Stack vs Heap: Smarter Slice Allocation in Go

The Hidden Cost of Heap Allocations

Every time a Go program allocates memory on the heap, it triggers a sequence of operations that can slow down execution. Heap allocations place a significant burden on the runtime, from bookkeeping to garbage collection overhead. Even with modern improvements like the Green Tea GC, the garbage collector still consumes CPU cycles and memory bandwidth. That’s why the Go team has been shifting focus toward performing more allocations on the stack — an approach that can dramatically reduce both allocation cost and GC pressure.

Stack vs Heap: Smarter Slice Allocation in Go — Source: blog.golang.org

Why Stack Allocations Are Faster

Stack allocations are inherently cheap. They often involve nothing more than moving a stack pointer, and they impose zero work on the garbage collector because stack frames are automatically reclaimed when a function returns. Furthermore, stack memory is reused promptly, which improves CPU cache locality. For hot code paths, avoiding the heap can lead to substantial performance gains.

The Slicing Problem: Dynamic Growth

Consider a common pattern: reading tasks from a channel and accumulating them into a slice for batch processing.

func process(c chan task) {
    var tasks []task
    for t := range c {
        tasks = append(tasks, t)
    }
    processAll(tasks)
}

At first glance this looks innocuous, but let’s trace what happens at runtime.

How Append Works Under the Hood

On the first iteration, tasks has no backing array, so append must allocate one. Since the eventual size is unknown, Go starts small — typically a capacity of 1.

Iteration 1: allocate backing store of size 1.
Iteration 2: backing store is full; allocate new backing store of size 2 (old one becomes garbage).
Iteration 3: allocate size 4.
Iteration 4: only 3 items used; append fits without allocation.
Iteration 5: allocate size 8.

This doubling pattern continues. As the slice grows, most append calls eventually find a spare slot — but the early growth phase is expensive. Each small allocation incurs heap overhead and produces garbage that the GC must later collect. For slices that never become large, this startup cost can dominate the function’s runtime.
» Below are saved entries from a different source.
(* Let ${\mathbf{x}}^* \in \mathbb{R}^n$ with ${\mathbf{x}}^* \geq 0$ componentwise, and let $\mathcal{J} = \mathrm{supp}({\mathbf{x}}^* )$, so ${\mathbf{x}}^* = \sum_{j\in\mathcal{J}} x_j^* {\mathbf{e}}_j$. Assume there exists a vector ${\mathbf{c}} \in \mathbb{R}^n$ such that $$\frac{P {\mathbf{e}}_j}{\| P {\mathbf{e}}_j \|_2} \cdot {\mathbf{c}} = 1 \quad \forall j \in \mathcal{J}, \qquad \frac{P {\mathbf{e}}_i}{\| P {\mathbf{e}}_i \|_2} \cdot {\mathbf{c}} < 1 \quad \forall i \in \mathcal{J}^c.$$ Let $s \in [\|{\mathbf{x}}^*\|_\infty, \infty]$. Then every solution ${\mathbf{y}}$ of $$\min_{0 \leq {\mathbf{x}} \leq s} \| W {\mathbf{x}} \|_1 \quad \text{subject to} \quad A {\mathbf{x}} = A {\mathbf{x}}^* \qquad (\ast)$$ satisfies $\mathrm{supp}({\mathbf{y}}) \subseteq \mathrm{supp}({\mathbf{x}}^* )$. Moreover, ${\mathbf{x}}^*$ is a solution of $(\ast)$.
   Context: $A \in \mathbb{R}^{m\times n}$ is a matrix, $A^\dagger$ its Moore–Penrose pseudoinverse, and $P = A^\dagger A$ the orthogonal projection of $\mathbb{R}^n$ onto $\mathcal{N}(A)^\perp$. ${\mathbf{e}}_1,\dots,{\mathbf{e}}_n$ are the standard unit vectors, and it is assumed that no ${\mathbf{e}}_i$ lies in $\mathcal{N}(A)$, so $w_i := \|P{\mathbf{e}}_i\|_2 > 0$ for all $i$. $W = \mathrm{diag}(w_1,\dots,w_n)$. The constraint $0 \le {\mathbf{x}} \le s$ is componentwise; $s=\infty$ means only ${\mathbf{x}}\ge 0$ is imposed. $\mathcal{J}^c$ denotes the complement of $\mathcal{J}$ in $\{1,\dots,n\}$. *)

From HB Require Import structures.
From mathcomp Require Import all_boot all_order all_algebra.
From mathcomp Require Import reals constructive_ereal.
Set Implicit Arguments. Unset Strict Implicit. Unset Printing Implicit Defensive.
Import Order.TTheory GRing.Theory Num.Theory.
Local Open Scope ring_scope.

Definition is_MP_pinv (R : realType) (m n : nat)
  (A : 'M[R]_(m, n)) (Ad : 'M[R]_(n, m)) : Prop :=
  [/\ A *m Ad *m A = A, Ad *m A *m Ad = Ad,
      (A *m Ad)^T = A *m Ad & (Ad *m A)^T = Ad *m A].

Definition norm2 (R : realType) (n : nat) (v : 'cV[R]_n) : R :=
  Num.sqrt (\sum_(k < n) v k 0 ^+ 2).

Definition dotv (R : realType) (n : nat) (u v : 'cV[R]_n) : R :=
  \sum_(k < n) u k 0 * v k 0.

Definition evec (R : realType) (n : nat) (i : 'I_n) : 'cV[R]_n :=
  \col_(k < n) (if k == i then 1 else 0).

Definition wt (R : realType) (n : nat) (P : 'M[R]_n) (i : 'I_n) : R :=
  norm2 (P *m evec R i).

Definition wl1 (R : realType) (n : nat) (P : 'M[R]_n) (x : 'cV[R]_n) : R :=
  \sum_(i < n) `|wt P i * x i 0|.

Definition infnorm (R : realType) (n : nat) (x : 'cV[R]_n) : R :=
  \big[Num.max/0]_(i < n) `|x i 0|.

Definition supp (R : realType) (n : nat) (x : 'cV[R]_n) : {set 'I_n} :=
  [set i | x i 0 != 0].

Definition feasible (R : realType) (m n : nat) (A : 'M[R]_(m, n))
  (b : 'cV[R]_m) (s : \bar R) (x : 'cV[R]_n) : Prop :=
  A *m x = b /\ forall i, 0 <= x i 0 /\ ((x i 0)%:E <= s)%E.

Definition is_solution (R : realType) (m n : nat) (A : 'M[R]_(m, n))
  (Ad : 'M[R]_(n, m)) (b : 'cV[R]_m) (s : \bar R) (y : 'cV[R]_n) : Prop :=
  feasible A b s y /\
  forall z, feasible A b s z -> wl1 (Ad *m A) y <= wl1 (Ad *m A) z.

From mathcomp Require Import all_boot all_order all_algebra.
From mathcomp Require Import reals constructive_ereal.
Import Order.TTheory GRing.Theory Num.Theory.
Set Implicit Arguments. Unset Strict Implicit.
Local Open Scope ring_scope.

(* Write g := P^T c, so that g_i = w_i (P e_i / w_i . c); the hypotheses say
   g_i = w_i on J and g_i < w_i off J.  For any nonnegative feasible z,
   sum_i g_i z_i = P z . c = P x* . c = sum_i w_i x*_i = ||W x*||_1, because
   P z = A^+ A z depends on z only through A z.  Hence
   ||W z||_1 = sum_i w_i z_i >= sum_i g_i z_i = ||W x*||_1, and equality forces
   z_i = 0 wherever g_i < w_i, i.e. off J. *)

Lemma dotvE (R : realType) (n : nat) (u v : 'cV[R]_n) :
  dotv u v = (u^T *m v) 0 0.
Proof. by rewrite mxE; apply: eq_bigr => k _; rewrite mxE. Qed.

Lemma dotvZl (R : realType) (n : nat) (a : R) (u v : 'cV[R]_n) :
  dotv (a *: u) v = a * dotv u v.
Proof. by rewrite !dotvE linearZ /= -scalemxAl mxE. Qed.

Lemma dotv_mulmxl (R : realType) (m n : nat) (M : 'M[R]_(m, n))
    (u : 'cV[R]_n) (v : 'cV[R]_m) :
  dotv (M *m u) v = dotv u (M^T *m v).
Proof. by rewrite !dotvE trmx_mul mulmxA. Qed.

Lemma dotv_evecl (R : realType) (n : nat) (i : 'I_n) (v : 'cV[R]_n) :
  dotv (evec R i) v = v i 0.
Proof.
rewrite /dotv (bigD1 i) //= mxE eqxx mul1r big1 ?addr0 // => k /negbTE ki.
by rewrite mxE ki mul0r.
Qed.

Lemma norm2_eq0 (R : realType) (n : nat) (v : 'cV[R]_n) :
  norm2 v = 0 -> v = 0.
Proof.
move=> /eqP; rewrite sqrtr_eq0 => sum_le0.
have sum_eq0 : \sum_(k < n) v k 0 ^+ 2 = 0.
  by apply/eqP; rewrite eq_le sum_le0 sumr_ge0 // => k _; rewrite sqr_ge0.
apply/matrixP => k j; rewrite (ord1 j) mxE.
apply/eqP; rewrite -sqrf_eq0; apply/eqP.
by apply: (psumr_eq0P _ sum_eq0) => // l _; rewrite sqr_ge0.
Qed.

(* A e_i = A (P e_i), so P e_i = 0 would give A e_i = 0. *)
Lemma wt_gt0 (R : realType) (m n : nat) (A : 'M[R]_(m, n)) Ad (i : 'I_n) :
  is_MP_pinv A Ad -> A *m evec R i != 0 -> 0 < wt (Ad *m A) i.
Proof.
case=> AAdA _ _ _ Aei_neq0; rewrite lt_def sqrtr_ge0 andbT.
apply: contra Aei_neq0 => /eqP /norm2_eq0 Pei_eq0.
by rewrite -AAdA -!mulmxA (mulmxA Ad A) Pei_eq0 !mulmx0.
Qed.

Lemma wt_mul_normalized_dotv (R : realType) (n : nat) (P : 'M[R]_n)
    (c : 'cV[R]_n) (i : 'I_n) :
  wt P i != 0 ->
  wt P i * dotv ((wt P i)^-1 *: (P *m evec R i)) c = (P^T *m c) i 0.
Proof.
by move=> w_neq0; rewrite dotvZl mulrA mulfV // mul1r dotv_mulmxl dotv_evecl.
Qed.

Lemma wl1_ge0E (R : realType) (n : nat) (P : 'M[R]_n) (z : 'cV[R]_n) :
  (forall i, 0 <= z i 0) -> wl1 P z = \sum_i wt P i * z i 0.
Proof.
by move=> z_ge0; apply: eq_bigr => i _; rewrite ger0_norm ?mulr_ge0 ?sqrtr_ge0.
Qed.

Lemma infnorm_ge (R : realType) (n : nat) (x : 'cV[R]_n) (i : 'I_n) :
  x i 0 <= infnorm x.
Proof.
exact: le_trans (ler_norm _) (le_bigmax (0 : R) (fun k => `|x k 0|) i).
Qed.

Section WeightedSum.
Variables (R : realDomainType) (I : finType) (g w z : I -> R).
Hypotheses (g_le_w : forall i, g i <= w i) (z_ge0 : forall i, 0 <= z i).

Let gap_ge0 i : 0 <= w i * z i - g i * z i.
Proof. by rewrite -mulrBl mulr_ge0 // subr_ge0. Qed.

Lemma ler_sum_weights : \sum_i g i * z i <= \sum_i w i * z i.
Proof. by rewrite -subr_ge0 -sumrB sumr_ge0. Qed.

Lemma eq_sum_weights_zero i :
  \sum_i w i * z i <= \sum_i g i * z i -> g i < w i -> z i = 0.
Proof.
move=> sum_le g_lt_w.
have gaps_eq0 : \sum_j (w j * z j - g j * z j) = 0.
  by apply/eqP; rewrite eq_le sumr_ge0 // andbT sumrB subr_le0.
have /eqP := psumr_eq0P (fun j _ => gap_ge0 j) gaps_eq0 (i := i) isT.
by rewrite -mulrBl mulf_eq0 subr_eq0 (gt_eqF g_lt_w) => /eqP.
Qed.

End WeightedSum.

Lemma sum_projT_mul_eq (R : realType) (m n : nat) (A : 'M[R]_(m, n))
    (Ad : 'M[R]_(n, m)) (c y z : 'cV[R]_n) :
  A *m y = A *m z ->
  \sum_i ((Ad *m A)^T *m c) i 0 * y i 0 = \sum_i ((Ad *m A)^T *m c) i 0 * z i 0.
Proof.
move=> Ay_Az; have sumE (x : 'cV[R]_n) :
    \sum_i ((Ad *m A)^T *m c) i 0 * x i 0 = dotv (Ad *m (A *m x)) c.
  by rewrite mulmxA dotv_mulmxl; apply: eq_bigr => i _; rewrite mulrC.
by rewrite !sumE Ay_Az.
Qed.

Theorem theorem1 (R : realType) (m n : nat) (A : 'M[R]_(m, n))
  (Ad : 'M[R]_(n, m)) (xs c : 'cV[R]_n) (s : \bar R) :
  is_MP_pinv A Ad ->
  (forall i : 'I_n, A *m evec R i != 0) ->
  (forall i, 0 <= xs i 0) ->
  (forall j, j \in supp xs ->
     dotv ((wt (Ad *m A) j)^-1 *: ((Ad *m A) *m evec R j)) c = 1) ->
  (forall i, i \notin supp xs ->
     dotv ((wt (Ad *m A) i)^-1 *: ((Ad *m A) *m evec R i)) c < 1) ->
  ((infnorm xs)%:E <= s)%E ->
  (forall y, is_solution A Ad (A *m xs) s y -> supp y \subset supp xs)
  /\ is_solution A Ad (A *m xs) s xs.
Proof.
move=> MP Aei_neq0 xs_ge0 dot_eq1 dot_lt1 xs_le_s.
set P := Ad *m A; set g := fun i => (P^T *m c) i 0; set w := wt P.
have w_gt0 i : 0 < w i by exact: wt_gt0.
have gE i : g i = w i * dotv ((w i)^-1 *: (P *m evec R i)) c.
  by rewrite wt_mul_normalized_dotv ?gt_eqF.
have g_eq_w i : i \in supp xs -> g i = w i.
  by move=> /dot_eq1; rewrite gE => ->; rewrite mulr1.
have g_lt_w i : i \notin supp xs -> g i < w i.
  by move=> /dot_lt1 lt1; rewrite gE -[ltRHS]mulr1 ltr_pM2l.
have g_le_w i : g i <= w i.
  by case: (boolP (i \in supp xs)) => [/g_eq_w -> | /g_lt_w /ltW].
have xs_sum : \sum_i g i * xs i 0 = \sum_i w i * xs i 0.
  apply: eq_bigr => i _; case: (boolP (i \in supp xs)) => [/g_eq_w -> // |].
  by rewrite inE negbK => /eqP ->; rewrite !mulr0.
have lower_bound (z : 'cV[R]_n) : feasible A (A *m xs) s z ->
    wl1 P xs = \sum_i g i * z i 0 /\ \sum_i g i * z i 0 <= wl1 P z.
  case=> Az z_bounds; have z_ge0 i : 0 <= z i 0 by case: (z_bounds i).
  rewrite !wl1_ge0E // -xs_sum -(sum_projT_mul_eq _ _ Az).
  by split=> //; apply: ler_sum_weights.
have xs_feasible : feasible A (A *m xs) s xs.
  split=> // i; split=> //.
  by apply: le_trans xs_le_s; rewrite lee_fin infnorm_ge.
have xs_solution : is_solution A Ad (A *m xs) s xs.
  by split=> // z /lower_bound [-> ->].
split=> // y [y_feasible y_min]; apply/subsetP => i; apply: contraLR => i_notin.
have y_ge0 j : 0 <= y j 0 by case: (y_feasible.2 j).
have [opt _] := lower_bound y y_feasible.
have := y_min _ xs_feasible; rewrite opt wl1_ge0E // => y_le.
by rewrite inE negbK (eq_sum_weights_zero g_le_w y_ge0 y_le (g_lt_w i i_notin)).
Qed.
A Simple Fix: Preallocate with a Constant Size

If you know (or can estimate) the maximum number of tasks, you can preallocate the slice with a fixed capacity. For example:

func process(c chan task) {
    tasks := make([]task, 0, 1000) // preallocate capacity 1000
    for t := range c {
        tasks = append(tasks, t)
    }
    processAll(tasks)
}

This avoids the incremental doubling and eliminates the intermediate garbage. But an even bigger win is possible when the capacity is a compile-time constant.
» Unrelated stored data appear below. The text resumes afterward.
Theorem mainTheorem12 (D : unitRingType) (R : nzRingType)
  (iota : {rmorphism D -> R}) (n : nat) (x : 'I_n -> R) (le : rel (mexp n))
  (HD : forall a : D, a != 0 -> a \is a GRing.unit)
  (Hle : admissible le)
  (HR : left_PBW iota x le) :
  right_polynomial iota x <->
  (forall i : 'I_n, exists sigma : {rmorphism D -> D},
      bijective sigma /\
      (forall a : D, lcoef iota x (x i * iota a) (eps i) (sigma a))).
Proof.
have [Hlp Hexp] := HR.
split=> [[rspanning _] i | twists].
  exists (twist_rmorphism Hlp Hle Hexp i); split=> [|a]; last exact/(lcoefE Hlp).
  exact: inj_surj_bijective (twist_inj Hlp Hle Hexp (j := i))
    (twist_surjective Hlp Hle Hexp rspanning i).
have twist_surj j d : exists c, twist iota x j c = d.
  have [sigma [[sigma_inv _ sigma_invK] sigmaE]] := twists j.
  by exists (sigma_inv d); rewrite -[RHS]sigma_invK; apply/(lcoefE Hlp).
split; first exact: (right_spanning Hlp Hle Hexp twist_surj).
exact: (right_independent Hlp Hle Hexp).
Qed.
(* Let $(x_n,y_n)_{n\in\mathbb Z}$ and $(x'_n,y'_n)_{n\in\mathbb Z}$ be two elliptic sequences in general position on the same biquadratic polynomial $F$. For integers $m\ge1$, $r,s$, let $Q_{m,r,s}(y)=\dfrac{(y-y_r)\cdots(y-y_{r+m-1})}{(y-y'_s)\cdots(y-y'_{s+m-1})}$. Then there exist a constant $C^\dagger_{m,r,s}$ and a polynomial $D^\dagger_{m,r,s}$ of degree at most $2$ such that, as rational functions of $x$, $$\mathcal D^\dagger Q_{m,r,s}(x)=C^\dagger_{m,r,s}X_2(x)\frac{(x-x_{r+1})\cdots(x-x_{r+m-1})}{(x-x'_s)(x-x'_{s+1})\cdots(x-x'_{s+m})},\qquad \mathcal M^\dagger Q_{m,r,s}(x)=D^\dagger_{m,r,s}(x)\frac{(x-x_{r+1})\cdots(x-x_{r+m-1})}{(x-x'_s)\cdots(x-x'_{s+m})}.$$ Moreover $C^\dagger_{1,r,s}=\dfrac{y'_s-y_r}{Y_2(y'_s)}$ and $D^\dagger_{1,r,s}(x)=\dfrac{X_0(x)+(y_r+y'_s)X_1(x)/2+y_ry'_sX_2(x)}{Y_2(y'_s)}$.
   Context: $F(x,y)=\sum_{i,j=0}^2c_{i,j}x^iy^j=Y_0(y)+xY_1(y)+x^2Y_2(y)=X_0(x)+yX_1(x)+y^2X_2(x)$. An elliptic sequence on $F$ is $(x_n,y_n)_{n\in\mathbb Z}$ such that for every $n$, $x_n,x_{n+1}$ are the two roots of $F(\cdot,y_n)$ and $y_{n-1},y_n$ the two roots of $F(x_n,\cdot)$; general position: all $x_n,x'_n$ distinct, all $y_n,y'_n$ distinct, $X_2,Y_2$ nonvanishing there. For a rational function $g$ of $y$ and a value $x$ with $y^\pm$ the two roots of $F(x,y)=0$: $(\mathcal D^\dagger g)(x)=-\frac{g(y^+)-g(y^-)}{y^+-y^-}$, $(\mathcal M^\dagger g)(x)=\frac{g(y^+)+g(y^-)}2$; on the lattice $(\mathcal D^\dagger g)(x_n)=-\frac{g(y_n)-g(y_{n-1})}{y_n-y_{n-1}}$, $(\mathcal M^\dagger g)(x_n)=\frac{g(y_n)+g(y_{n-1})}2$. Empty products equal $1$. *)

From HB Require Import structures.
From mathcomp Require Import all_boot all_order all_algebra.
Set Implicit Arguments. Unset Strict Implicit. Unset Printing Implicit Defensive.
Import Order.TTheory GRing.Theory Num.Theory.
Local Open Scope ring_scope.

Section Biquadratic.
Variable R : numClosedFieldType.

Definition bqF (c : 'I_3 -> 'I_3 -> R) (x y : R) : R :=
  \sum_(i < 3) \sum_(j < 3) c i j * x ^+ i * y ^+ j.

(* F = X_0(x) + y X_1(x) + y^2 X_2(x) : X_k = sum_i c_{i,k} x^i *)
Definition Xpol (c : 'I_3 -> 'I_3 -> R) (k : 'I_3) : {poly R} :=
  \poly_(i < 3) c (inord i) k.
(* F = Y_0(y) + x Y_1(y) + x^2 Y_2(y) : Y_k = sum_j c_{k,j} y^j *)
Definition Ypol (c : 'I_3 -> 'I_3 -> R) (k : 'I_3) : {poly R} :=
  \poly_(j < 3) c k (inord j).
Stack Allocation for Constant-Sized Slices

Go’s escape analysis can determine that a slice with a constant capacity (make([]T, 0, N) where N is known at compile time) does not escape to the heap. In that case, the entire backing array is allocated on the stack. The result: no heap allocations, no GC pressure, and extremely fast allocation and deallocation.
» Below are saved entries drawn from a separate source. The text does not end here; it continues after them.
(* For every integer $n\ge 4$, $px_{n-1,2}(K_n)=2$.
   Context: All graphs are finite, simple and undirected. An edge-coloring of a graph may assign the same color to adjacent edges. A tree $T$ in an edge-colored graph is a proper tree if no two adjacent edges of $T$ receive the same color. For $S\subseteq V(G)$ with $|S|\ge 2$, an $S$-tree is a tree in $G$ containing all vertices of $S$. $S$-trees $T_1,\dots,T_\ell$ are internally disjoint if $E(T_i)\cap E(T_j)=\emptyset$ and $V(T_i)\cap V(T_j)=S$ for all $i\ne j$. For a connected graph $G$ of order $n$ and integers $k,\ell$ with $2\le k\le n$ and $1\le \ell\le \kappa_k(G)$ (where $\kappa_k(G)$ is the minimum, over all $k$-subsets $S$ of $V(G)$, of the maximum number of internally disjoint $S$-trees), the $(k,\ell)$-proper index $px_{k,\ell}(G)$ is the minimum number of colors in an edge-coloring of $G$ such that for every $k$-subset $S$ of $V(G)$ there exist $\ell$ internally disjoint proper $S$-trees. *)

From mathcomp Require Import all_boot.
Set Implicit Arguments. Unset Strict Implicit. Unset Printing Implicit Defensive.

(* A finite simple graph on vertex type T is given by a symmetric irreflexive
   adjacency relation adj.  Edges are 2-element vertex sets {x,y} with adj x y. *)
Definition is_edge (T : finType) (adj : rel T) (E : {set T}) : bool :=
  [exists x, exists y, adj x y && (E == [set x; y])].

Definition Kadj (n : nat) : rel 'I_n := fun x y => x != y.

Definition subgraph (T : finType) := ({set T} * {set {set T}})%type.

Definition F_connect (T : finType) (F : {set {set T}}) (x y : T) : bool :=
  connect (fun a b => [set a; b] \in F) x y.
This optimization is especially valuable in tight loops or frequently called functions. For the process example, if the channel never delivers more than 1000 tasks, using a constant capacity of 1000 turns all append operations into stack-based ones after the initial make. Even better, the initial make itself is a stack allocation — effectively free.

Keep in mind that the slice must not be returned or stored in a global for the stack allocation to hold. As long as the slice lives only within the function and is passed to calls that don’t cause it to escape, the compiler can keep it on the stack.

Conclusion

Heap allocations are expensive not only because of the allocation cost itself, but also because of the garbage collection they force. By preallocating slices with a constant capacity and allowing Go’s escape analysis to place them on the stack, you can eliminate these costs entirely for many common patterns. The result is faster, more predictable performance — especially in hot code paths. Next time you write a loop that builds a slice, consider giving it a constant size. The stack will thank you.